花袭怜蹙眉,正欲推开她离开,不防身后的房门突然被人打开,饿货苏瓷儿来喊花袭怜去做晚饭,不防看到屋内两人如此亲密无间的举动。
对不起,打扰了,你们继续。
孩子大了,要谈恋爱了,管不住了。
苏瓷儿立刻垂下眼帘,假装自己没看到,然后轻手轻脚关上了门。
不知道为什么突然有点心酸,难道这就是送女儿出嫁时的心情吗等一下,她养的是儿子吧啊,这难道就是养儿子拱大白菜时的感受
苏瓷儿往自己的屋子里走去,那边花袭怜下意识追出来,他望着大师姐的背影,张了口,最后却又闭上了。
没必要解释,她也不是他的谁。
苏瓷儿没吃上花袭怜的晚饭,只得自己下去找了客栈老板,老板殷勤的送上一份客栈大礼包。

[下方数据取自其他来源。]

Lemma ef_equiv_holds (f : fo2 k) r w w' s s' P :
  qdepth f <= r -> (forall x, free x f -> P x) -> ef_equiv r w w' s s' P ->
  holds w s f <-> holds w' s' f.
Proof.
elim: f r s s' P => [|a x|x y|x y|g IH|g IHg h IHh|g IHg h IHh|x g IH|x g IH]
  r s s' P /= Hd Hf Hg; have [Hpt Hord] := ef_equiv_partial_iso Hg.
- by [].
- by have [_ _ E] := Hpt x (Hf x (var_eqb_refl x)); rewrite /letter in E; rewrite E.
- have Hx : P x by apply: Hf; rewrite /= var_eqb_refl.
  have Hy : P y by apply: Hf; rewrite /= var_eqb_refl orbT.
  by have /andP[/eqP -> _] := Hord x y Hx Hy.
- have Hx : P x by apply: Hf; rewrite /= var_eqb_refl.
  have Hy : P y by apply: Hf; rewrite /= var_eqb_refl orbT.
  have /andP[_ /eqP E] := Hord x y Hx Hy.
  by split=> /eqP H; apply/eqP; rewrite ?E // -E.
- by rewrite (IH r s s' P).
- move: Hd; rewrite geq_max => /andP[H1 H2].
  by rewrite (IHg r s s' P) ?(IHh r s s' P) // => y Hy; apply: Hf; rewrite Hy ?orbT.
- move: Hd; rewrite geq_max => /andP[H1 H2].
  by rewrite (IHg r s s' P) ?(IHh r s s' P) // => y Hy; apply: Hf; rewrite Hy ?orbT.
- case: r Hd Hg => // r Hd [_ /(_ x) [Hforth Hback]].
  have Hf' y : free y g -> extend P x y.
    by rewrite /extend; case E: (var_eqb y x) => //= Hy; apply: Hf; rewrite Hy var_eqb_sym E.
  split=> [[i [Hi Hh]]|[i' [Hi' Hh]]].
  + have [i' Hi' G] := Hforth i Hi.
    by exists i'; split=> //; rewrite -(IH r _ _ _ Hd Hf' G).
  + have [i Hi G] := Hback i' Hi'.
    by exists i; split=> //; rewrite (IH r _ _ _ Hd Hf' G).
- case: r Hd Hg => // r Hd [_ /(_ x) [Hforth Hback]].
  have Hf' y : free y g -> extend P x y.
    by rewrite /extend; case E: (var_eqb y x) => //= Hy; apply: Hf; rewrite Hy var_eqb_sym E.
  split=> H.
  + by move=> i' Hi'; have [i Hi G] := Hback i' Hi'; rewrite -(IH r _ _ _ Hd Hf' G); apply: H.
  + by move=> i Hi; have [i' Hi' G] := Hforth i Hi; rewrite (IH r _ _ _ Hd Hf' G); apply: H.
Qed.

海胆八宝豆腐、松子桂鱼、东坡肉、水磨豆腐客栈老板确实是使出了浑身解数来讨好这群一看就不是普通人的人,只可惜,苏瓷儿吃惯了花袭怜做的菜,这些客栈老板精心准备的好菜对于她来说味同嚼蜡。
苏瓷儿不舍得浪费,嚼吧嚼吧还是吃不下去,只得将没动过的菜让店小二送了回去。
听说后厨人员会带回家。
苏瓷儿托着下颌发呆,门口突然传来脚步声,苏瓷儿眼前一亮,她闻到了香味。
“大师姐,我替你做了一碗阳春面。”
花袭怜看到了那些送回到后厨的菜,他想起今日苏瓷儿借给他的一两银子,便挽起袖子替她做了一碗阳春面。
阳春面是江南地区的传统面食小吃,虽是清汤光面,但汤清味鲜,清淡爽口。
苏瓷儿看着面前清澈见底的汤面和上面撒着的水绿色的葱花忍不住狠狠咽了咽口水。
好香。
苏瓷儿拿起勺子,撇了撇汤面上浮着的大大小小的金色油花,然后舀一勺入口。
烫、鲜、香
男主的厨艺果然是天花板啊,这么简单的一碗阳春面都如此美味。
苏瓷儿感觉自己都要感动的哭了,可实际上她的面瘫脸上啥也没变。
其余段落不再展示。